• **Records for the exercise**:
(* Let $C\subset\mathbb{R}^d$ be a nonempty closed convex set, let $f(x)=\mathbb{E}_\xi[f(x,\xi)]$ where each $f(\cdot,\xi)$ is convex and $G$-Lipschitz, and let $x_*\in\arg\min_{x\in C}f(x)$. Let $\xi_0,\xi_1,\dots$ be i.i.d. samples, $c_k\in(0,1]$ and $\eta_k>0$ for $k\ge0$. Consider the projected SGDM iterates: $x_0\in C$, $z_0=x_0$, $z_{k+1}=\Pi_C(z_k-\eta_k\nabla f(x_k,\xi_k))$ for $k\ge 0$ and $x_k=(1-c_k)x_{k-1}+c_kz_k$ for $k\ge1$. Define, for $k\ge1$, $$A_k=\|z_k-x_*\|^2+\frac{2}{c_{k-1}}\eta_{k-1}\left[f(x_{k-1})-f(x_* )\right].$$ Suppose that $\left(\frac{1}{c_k}-1\right)\eta_k\le\frac{1}{c_{k-1}}\eta_{k-1}$ for all $k\ge2$ and $\left(\frac{1}{c_1}-1\right)\eta_1\le 0$. Then for every $k\ge1$, $$\mathbb{E}_{\xi_k}\left[A_{k+1}\right]\le A_k+\eta_k^2G^2,$$ where $\mathbb{E}_{\xi_k}$ denotes expectation with respect to $\xi_k$ conditional on $\xi_0,\dots,\xi_{k-1}$.
   Context: $\Pi_C$ is the Euclidean projection onto $C$; $\nabla f(x,\xi)$ is a subgradient of $f(\cdot,\xi)$ at $x$. *)

From mathcomp Require Import all_boot all_order all_algebra.
From mathcomp Require Import all_classical all_reals all_analysis.
Set Implicit Arguments. Unset Strict Implicit. Unset Printing Implicit Defensive.
Import Order.TTheory GRing.Theory Num.Theory.
Import numFieldNormedType.Exports.
Local Open Scope classical_set_scope.
Local Open Scope ring_scope.

Section Defs.
Variables (R : realType) (d : nat).
Notation V := 'rV[R]_d.

Definition dotv (u v : V) : R := \sum_(i < d) u ord0 i * v ord0 i.
Definition enorm (u : V) : R := Num.sqrt (dotv u u).

Definition convex_fn (h : V -> R) : Prop :=
  forall x y t, 0 <= t <= 1 -> h (t *: x + (1 - t) *: y) <= t * h x + (1 - t) * h y.

Definition is_proj (C : set V) (p : V -> V) : Prop :=
  forall y, C (p y) /\ (forall c, C c -> enorm (y - p y) <= enorm (y - c)).

Definition upd (T : Type) (s : nat -> T) (k : nat) (w : T) : nat -> T :=
  fun n => if n == k then w else s n.

Fixpoint sgdm (T : Type) (proj : V -> V) (g : V -> T -> V) (c eta : nat -> R)
    (x0 : V) (s : nat -> T) (k : nat) : V * V :=
  match k with
  | 0 => (x0, x0)
  | k'.+1 =>
      let zx := sgdm proj g c eta x0 s k' in
      let z' := proj (zx.1 - eta k' *: g zx.2 (s k')) in
      (z', (1 - c k) *: zx.2 + c k *: z')
  end.

Definition expect (dT : measure_display) (T : measurableType dT)
    (P : probability T R) (h : T -> R) : R :=
  fine (\int[P]_w (h w)%:E).

(* the potential A_k (for k >= 1) *)
Definition Apot (T : Type) (proj : V -> V) (g : V -> T -> V) (c eta : nat -> R)
    (x0 : V) (F : V -> R) (xstar : V) (s : nat -> T) (k : nat) : R :=
  let z := (sgdm proj g c eta x0 s k).1 in
  let x := (sgdm proj g c eta x0 s k.-1).2 in
  enorm (z - xstar) ^+ 2 + 2 / c k.-1 * eta k.-1 * (F x - F xstar).

End Defs.

(* Fix ξ_0, ..., ξ_{k-1} and let g = ∇f(x_k, ξ_k).  Projection onto the convex
   set C does not increase distances to points of C, hence
     |z_{k+1} - x∗|^2 <= |z_k - x∗|^2 - 2 η_k <g, z_k - x∗> + η_k^2 |g|^2,
   and |g| <= G by the Lipschitz bound.  Since x_k lies on the segment
   [x_{k-1}, z_k], z_k - x∗ = (x_k - x∗) + (1/c_k - 1) (x_k - x_{k-1}), so the
   subgradient inequalities at x_k towards x∗ and x_{k-1} give
     -<g, z_k - x∗> <= -(1/c_k) (f(x_k,ξ_k) - f(x∗,ξ_k))
                       + (1/c_k - 1) (f(x_{k-1},ξ_k) - f(x∗,ξ_k)).
   Integrating over ξ_k, the first term cancels the potential part of A_{k+1},
   and the step-size condition bounds the second by the potential part of A_k
   because f(x_{k-1}) >= f(x∗). *)

From mathcomp Require Import all_boot all_order all_algebra.
From mathcomp Require Import all_classical all_reals all_analysis.
From mathcomp Require Import ring lra.
Set Implicit Arguments. Unset Strict Implicit.
Import Order.TTheory GRing.Theory Num.Theory.
Import numFieldNormedType.Exports.
Local Open Scope classical_set_scope.
Local Open Scope ring_scope.

Section inner_product.
Variables (R : realType) (d : nat).
Local Notation V := 'rV[R]_d.
Implicit Types u v w : V.

Lemma dotvC u v : dotv u v = dotv v u.
Proof. by apply: eq_bigr => i _; rewrite mulrC. Qed.

Lemma dotvDl u v w : dotv (u + v) w = dotv u w + dotv v w.
Proof. by rewrite /dotv -big_split; apply: eq_bigr => i _; rewrite !mxE mulrDl. Qed.

Lemma dotvZl a u v : dotv (a *: u) v = a * dotv u v.
Proof. by rewrite /dotv mulr_sumr; apply: eq_bigr => i _; rewrite !mxE mulrA. Qed.

Lemma dotvDr u v w : dotv w (u + v) = dotv w u + dotv w v.
Proof. by rewrite dotvC dotvDl !(dotvC w). Qed.

Lemma dotvZr a u v : dotv v (a *: u) = a * dotv v u.
Proof. by rewrite dotvC dotvZl dotvC. Qed.

Lemma dotvNr u v : dotv v (- u) = - dotv v u.
Proof. by rewrite -scaleN1r dotvZr mulN1r. Qed.

Lemma dotvv_ge0 u : 0 <= dotv u u.
Proof. by apply: sumr_ge0 => i _; rewrite -expr2 sqr_ge0. Qed.

Lemma dotvDD u v : dotv (u + v) (u + v) = dotv u u + 2 * dotv u v + dotv v v.
Proof. by rewrite dotvDl !dotvDr (dotvC v u); ring. Qed.

Lemma enorm_ge0 u : 0 <= enorm u.
Proof. exact: sqrtr_ge0. Qed.

Lemma enorm_sqr u : enorm u ^+ 2 = dotv u u.
Proof. by rewrite sqr_sqrtr // dotvv_ge0. Qed.

Lemma ler_enorm u v : (enorm u <= enorm v) = (dotv u u <= dotv v v).
Proof. by rewrite -!enorm_sqr ler_pXn2r // nnegrE enorm_ge0. Qed.

End inner_product.

Section projection.
Variables (R : realType) (d : nat).
Local Notation V := 'rV[R]_d.
Variables (C : set V) (p : V -> V).
Hypotheses (convC : convex_set C) (projC : is_proj C p).

Lemma convex_set_mem (a b : V) t : 0 <= t <= 1 -> C a -> C b ->
  C (t *: a + (1 - t) *: b).
Proof.
by case/andP=> t0 t1 Ca Cb; have := @convC a b (Itv01 t0 t1); rewrite !inE; apply.
Qed.

(* If the angle at [p y] were acute, moving from [p y] towards [c] by the
   step [t] below would get strictly closer to [y] inside [C]. *)
Lemma proj_obtuse y c : C c -> dotv (y - p y) (c - p y) <= 0.
Proof.
move=> Cc; have [Cq q_min] := projC y; set q := p y in Cq q_min *.
set a := dotv (y - q) (c - q); set b := dotv (c - q) (c - q).
rewrite leNgt; apply/negP => a_gt0.
have b_ge0 : 0 <= b by exact: dotvv_ge0.
have ab_gt0 : 0 < a + b by lra.
set t := a / (a + b).
have tab : t * (a + b) = a by rewrite mulfVK // gt_eqF.
have t_gt0 : 0 < t by rewrite divr_gt0.
have t_le1 : t <= 1 by rewrite ler_pdivrMr // mul1r; lra.
have /q_min : C (t *: c + (1 - t) *: q).
  by apply: convex_set_mem => //; rewrite (ltW t_gt0).
have -> : y - (t *: c + (1 - t) *: q) = (y - q) + (- t) *: (c - q).
  by apply/rowP => i; rewrite !mxE; ring.
rewrite ler_enorm [in X in _ <= X]dotvDD !dotvZr !dotvZl -/a -/b => le_yq.
have : t * (2 * a - t * b) <= 0 by nra.
rewrite pmulr_rle0 // subr_le0 -(ler_pM2r ab_gt0) [t * b * _]mulrAC tab.
nra.
Qed.

Lemma proj_closer y c : C c -> dotv (p y - c) (p y - c) <= dotv (y - c) (y - c).
Proof.
move=> Cc; have obtuse := proj_obtuse y Cc.
have -> : y - c = (y - p y) + (p y - c) by rewrite addrA subrK.
rewrite [in X in _ <= X]dotvDD.
have -> : dotv (y - p y) (p y - c) = - dotv (y - p y) (c - p y).
  by rewrite -dotvNr opprB.
have := dotvv_ge0 (y - p y); lra.
Qed.

End projection.

Section subgradient.
Variables (R : realType) (d : nat).
Local Notation V := 'rV[R]_d.
Variables (h : V -> R) (x gx : V).
Hypothesis subgrad : forall y, h x + dotv gx (y - x) <= h y.

Lemma subgrad_dotvv_le G : (forall y, `|h y - h x| <= G * enorm (y - x)) ->
  dotv gx gx <= G ^+ 2.
Proof.
move=> lip; have := subgrad (gx + x); have := lip (gx + x).
rewrite addrK -enorm_sqr; have := ler_norm (h (gx + x) - h x).
have := enorm_ge0 gx; nra.
Qed.

Lemma proj_subgrad_step (C : set V) (p : V -> V) (z xp xs : V) (c eta : R) :
  convex_set C -> is_proj C p -> C xs ->
  0 < c <= 1 -> 0 <= eta -> x = (1 - c) *: xp + c *: z ->
  enorm (p (z - eta *: gx) - xs) ^+ 2 <=
  enorm (z - xs) ^+ 2 + eta ^+ 2 * dotv gx gx
  - 2 * eta / c * (h x - h xs) + 2 * eta * (c^-1 - 1) * (h xp - h xs).
Proof.
move=> convC projC Cxs /andP[c_gt0 c_le1] eta_ge0 x_def.
have := proj_closer convC projC (z - eta *: gx) Cxs.
have -> : z - eta *: gx - xs = (z - xs) + (- eta) *: gx.
  by apply/rowP => i; rewrite !mxE; ring.
rewrite -!enorm_sqr => /le_trans; apply.
rewrite !enorm_sqr dotvDD !dotvZr !dotvZl.
have z_split : z - xs = (x - xs) + (c^-1 - 1) *: (x - xp).
  by rewrite x_def; apply/rowP => i; rewrite !mxE; field; rewrite gt_eqF.
have sub_xs := subgrad xs; have sub_xp := subgrad xp.
rewrite -[xs - x]opprB -[xp - x]opprB !dotvNr in sub_xs sub_xp.
have ci_sub1_ge0 : 0 <= c^-1 - 1 by rewrite subr_ge0 invf_ge1.
have momentum : (c^-1 - 1) * (h x - h xp) <= (c^-1 - 1) * dotv gx (x - xp).
  by apply: ler_wpM2l => //; lra.
have descent : c^-1 * (h x - h xs) - (c^-1 - 1) * (h xp - h xs) <= dotv (z - xs) gx.
  rewrite dotvC z_split dotvDr dotvZr; lra.
have := ler_wpM2l eta_ge0 descent; lra.
Qed.

End subgradient.

Section sgdm_iterates.
Variables (R : realType) (d : nat) (T : Type).
Local Notation V := 'rV[R]_d.
Variables (proj : V -> V) (g : V -> T -> V) (c eta : nat -> R) (x0 : V).
Local Notation sgdm := (sgdm proj g c eta x0).

Lemma sgdm_upd s k w j : (j <= k)%N -> sgdm (upd s k w) j = sgdm s j.
Proof.
elim: j => [//|j IH] lt_jk /=.
by rewrite IH ?(ltnW lt_jk) // /upd (ltn_eqF lt_jk).
Qed.

Lemma sgdm_momentum s k : (0 < k)%N ->
  (sgdm s k).2 = (1 - c k) *: (sgdm s k.-1).2 + c k *: (sgdm s k).1.
Proof. by case: k. Qed.

Lemma sgdm_in (C : set V) : convex_set C -> is_proj C proj -> C x0 ->
  (forall k, 0 <= c k <= 1) -> forall s k, C (sgdm s k).1 /\ C (sgdm s k).2.
Proof.
move=> convC projC Cx0 c01 s; elim=> [//|k [_ Cx]] /=.
set z := proj _; have [Cz _] := projC ((sgdm s k).1 - eta k *: g (sgdm s k).2 (s k)).
split=> //; rewrite [X in X *: z](_ : _ = 1 - (1 - c k.+1)); last by ring.
apply: convex_set_mem => //.
by have := c01 k.+1; rewrite subr_ge0 lerBlDr lerDl andbC.
Qed.

Lemma Apot_upd_succ F xs s k w :
  Apot proj g c eta x0 F xs (upd s k w) k.+1 =
  enorm (proj ((sgdm s k).1 - eta k *: g (sgdm s k).2 w) - xs) ^+ 2
  + 2 / c k * eta k * (F (sgdm s k).2 - F xs).
Proof. by rewrite /Apot /= !sgdm_upd // /upd eqxx. Qed.

Lemma Apot_upd_succ_le (C : set V) (h F : V -> R) xs G s k w :
  let z := (sgdm s k).1 in let x := (sgdm s k).2 in let xp := (sgdm s k.-1).2 in
  convex_set C -> is_proj C proj -> C xs -> 0 < c k <= 1 -> 0 <= eta k ->
  (0 < k)%N -> (forall y, h x + dotv (g x w) (y - x) <= h y) ->
  (forall y, `|h y - h x| <= G * enorm (y - x)) ->
  Apot proj g c eta x0 F xs (upd s k w) k.+1 <=
  enorm (z - xs) ^+ 2 + eta k ^+ 2 * G ^+ 2 + 2 / c k * eta k * (F x - F xs)
  - 2 * eta k / c k * (h x - h xs) + 2 * eta k * ((c k)^-1 - 1) * (h xp - h xs).
Proof.
move=> z x xp convC projC Cxs ck01 etak_ge0 k_gt0 subgrad lip.
have := proj_subgrad_step subgrad convC projC Cxs ck01 etak_ge0
  (sgdm_momentum s k_gt0).
have := ler_wpM2l (sqr_ge0 (eta k)) (subgrad_dotvv_le subgrad lip).
rewrite Apot_upd_succ -/z -/x -/xp; lra.
Qed.

End sgdm_iterates.

Section expectation.
Variables (R : realType) (dT : measure_display) (T : measurableType dT).

(* Monotonicity without measurability: the integral of a nonnegative function
   is the supremum of the integrals of the simple functions below it. *)
Lemma ge0_le_integralT (mu : {measure set T -> \bar R}) (h1 h2 : T -> \bar R) :
  (forall w, 0 <= h1 w)%E -> (forall w, h1 w <= h2 w)%E ->
  (\int[mu]_w h1 w <= \int[mu]_w h2 w)%E.
Proof.
move=> h1_ge0 h12; rewrite !ge0_integralE //; last first.
  by move=> w _; exact: le_trans (h1_ge0 w) (h12 w).
apply: ereal_sup_le => _ [u u_le <-]; exists u => //= w.
by apply: le_trans (u_le w) _; rewrite /patch; case: ifP.
Qed.

Variable P : probability T R.
Local Notation integrable h := (P.-integrable setT (fun w => (h w)%:E)).

Lemma integral_expect (h : T -> R) : integrable h ->
  (\int[P]_w (h w)%:E = (expect P h)%:E)%E.
Proof. by move=> ih; rewrite /expect fineK // integrable_fin_num. Qed.

Lemma integrable_cst (a : R) : integrable (fun=> a).
Proof. exact: finite_measure_integrable_cst. Qed.

Lemma integrable_addZr (u h : T -> R) (a : R) : integrable u -> integrable h ->
  integrable (fun w => u w + a * h w).
Proof.
move=> iu ih; under eq_fun do rewrite EFinD EFinM.
exact: integrableD (integrableZl _ _ ih).
Qed.

Lemma expect_addZr (u h : T -> R) (a : R) : integrable u -> integrable h ->
  expect P (fun w => u w + a * h w) = expect P u + a * expect P h.
Proof.
move=> iu ih; apply: EFin_inj; rewrite -integral_expect ?integrable_addZr //.
under eq_integral do rewrite EFinD EFinM.
by rewrite integralD ?integrableZl // integralZl // !integral_expect.
Qed.

Lemma expect_cst (a : R) : expect P (fun=> a) = a.
Proof.
have P_setT : (P : {measure set T -> \bar R}) setT = 1%E := probability_setT P.
by rewrite /expect integral_cst // P_setT mule1.
Qed.

End expectation.

Lemma step_size_cond_ge1 (R : realType) (c eta : nat -> R) :
  0 < c 0%N -> 0 < eta 0%N ->
  (forall k, (2 <= k)%N -> ((c k)^-1 - 1) * eta k <= (c k.-1)^-1 * eta k.-1) ->
  ((c 1%N)^-1 - 1) * eta 1%N <= 0 ->
  forall k, (0 < k)%N -> ((c k)^-1 - 1) * eta k <= (c k.-1)^-1 * eta k.-1.
Proof.
move=> c0_gt0 eta0_gt0 eta_step eta_step1 [//|[|k] _]; last exact: eta_step.
by apply: le_trans eta_step1 _; rewrite mulr_ge0 // ltW ?invr_gt0.
Qed.

Theorem corollary16 (R : realType) (d : nat) (dT : measure_display)
  (T : measurableType dT) (P : probability T R)
  (C : set 'rV[R]_d) (proj : 'rV[R]_d -> 'rV[R]_d)
  (f : 'rV[R]_d -> T -> R) (g : 'rV[R]_d -> T -> 'rV[R]_d) (G : R)
  (xstar x0 : 'rV[R]_d) (c eta : nat -> R) :
  C !=set0 -> closed C -> convex_set C -> is_proj C proj ->
  (forall w, convex_fn (fun x => f x w)) ->
  (forall w x y, `|f x w - f y w| <= G * enorm (x - y)) ->
  (forall x, P.-integrable setT (fun w => (f x w)%:E)) ->
  (forall x w y, f x w + dotv (g x w) (y - x) <= f y w) ->
  (forall x i, measurable_fun setT (fun w => g x w ord0 i)) ->
  C xstar ->
  (forall x, C x -> expect P (f xstar) <= expect P (f x)) ->
  C x0 ->
  (forall k, 0 < c k <= 1) -> (forall k, 0 < eta k) ->
  (forall k, (2 <= k)%N -> ((c k)^-1 - 1) * eta k <= (c k.-1)^-1 * eta k.-1) ->
  ((c 1%N)^-1 - 1) * eta 1%N <= 0 ->
  forall (s : nat -> T) (k : nat), (1 <= k)%N ->
    (\int[P]_w (Apot proj g c eta x0 (fun x => expect P (f x)) xstar
                   (upd s k w) k.+1)%:E
     <= (Apot proj g c eta x0 (fun x => expect P (f x)) xstar s k
         + eta k ^+ 2 * G ^+ 2)%:E)%E.
Proof.
move=> _ _ convC projC _ lip f_int subgrad _ Cxs xs_min Cx0 c01 eta_gt0
  eta_step eta_step1 s k k_ge1.
have /andP[c0_gt0 _] := c01 0%N.
have eta_cond := step_size_cond_ge1 c0_gt0 (eta_gt0 0%N) eta_step eta_step1 k_ge1.
have c01w j : 0 <= c j <= 1 by have /andP[/ltW -> ->] := c01 j.
have /andP[ck_gt0 ck_le1] := c01 k; have etak_gt0 := eta_gt0 k.
set z := (sgdm proj g c eta x0 s k).1.
set x := (sgdm proj g c eta x0 s k).2.
set xp := (sgdm proj g c eta x0 s k.-1).2.
have [_ /xs_min Fx] := sgdm_in g eta convC projC Cx0 c01w s k.
have [_ /xs_min Fxp] := sgdm_in g eta convC projC Cx0 c01w s k.-1.
set K := enorm (z - xstar) ^+ 2 + eta k ^+ 2 * G ^+ 2
         + 2 / c k * eta k * (expect P (f x) - expect P (f xstar)).
pose r w : R := K + (- 2 * eta k / c k) * f x w + (2 * eta k) * f xstar w
            + (2 * eta k * ((c k)^-1 - 1)) * f xp w.
have intK := integrable_cst P K.
have int1 := integrable_addZr (- 2 * eta k / c k) intK (f_int x).
have int2 := integrable_addZr (2 * eta k) int1 (f_int xstar).
have int_r := integrable_addZr (2 * eta k * ((c k)^-1 - 1)) int2 (f_int xp).
apply: (le_trans (ge0_le_integralT P (h2 := fun w => (r w)%:E) _ _)) => [w|w|].
- rewrite Apot_upd_succ lee_fin addr_ge0 ?sqr_ge0 // mulr_ge0 ?subr_ge0 //.
  by rewrite mulr_ge0 ?divr_ge0 // ltW.
- rewrite lee_fin; apply: le_trans (Apot_upd_succ_le (h := f ^~ w) _ convC projC
    Cxs (c01 k) (ltW etak_gt0) k_ge1 (subgrad x w) (lip w ^~ x)) _.
  rewrite /r /K; lra.
rewrite integral_expect // expect_addZr // expect_addZr // expect_addZr //
  expect_cst lee_fin /Apot /= -/z -/xp /K.
have gap_ge0 : 0 <= expect P (f xp) - expect P (f xstar) by rewrite subr_ge0.
have := ler_wpM2r gap_ge0 eta_cond; lra.
Qed.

• **What this task involves**: Copy out only the lines above from the one with "(P : probability T R) (h" to the one with "η_k <g, z_k", inclusive, exactly as they stand.

• **Answer for this exercise**:
    (P : probability T R) (h : T -> R) : R :=
  fine (\int[P]_w (h w)%:E).

(* the potential A_k (for k >= 1) *)
Definition Apot (T : Type) (proj : V -> V) (g : V -> T -> V) (c eta : nat -> R)
    (x0 : V) (F : V -> R) (xstar : V) (s : nat -> T) (k : nat) : R :=
  let z := (sgdm proj g c eta x0 s k).1 in
  let x := (sgdm proj g c eta x0 s k.-1).2 in
  enorm (z - xstar) ^+ 2 + 2 / c k.-1 * eta k.-1 * (F x - F xstar).

End Defs.

(* Fix ξ_0, ..., ξ_{k-1} and let g = ∇f(x_k, ξ_k).  Projection onto the convex
   set C does not increase distances to points of C, hence
     |z_{k+1} - x∗|^2 <= |z_k - x∗|^2 - 2 η_k <g, z_k - x∗> + η_k^2 |g|^2,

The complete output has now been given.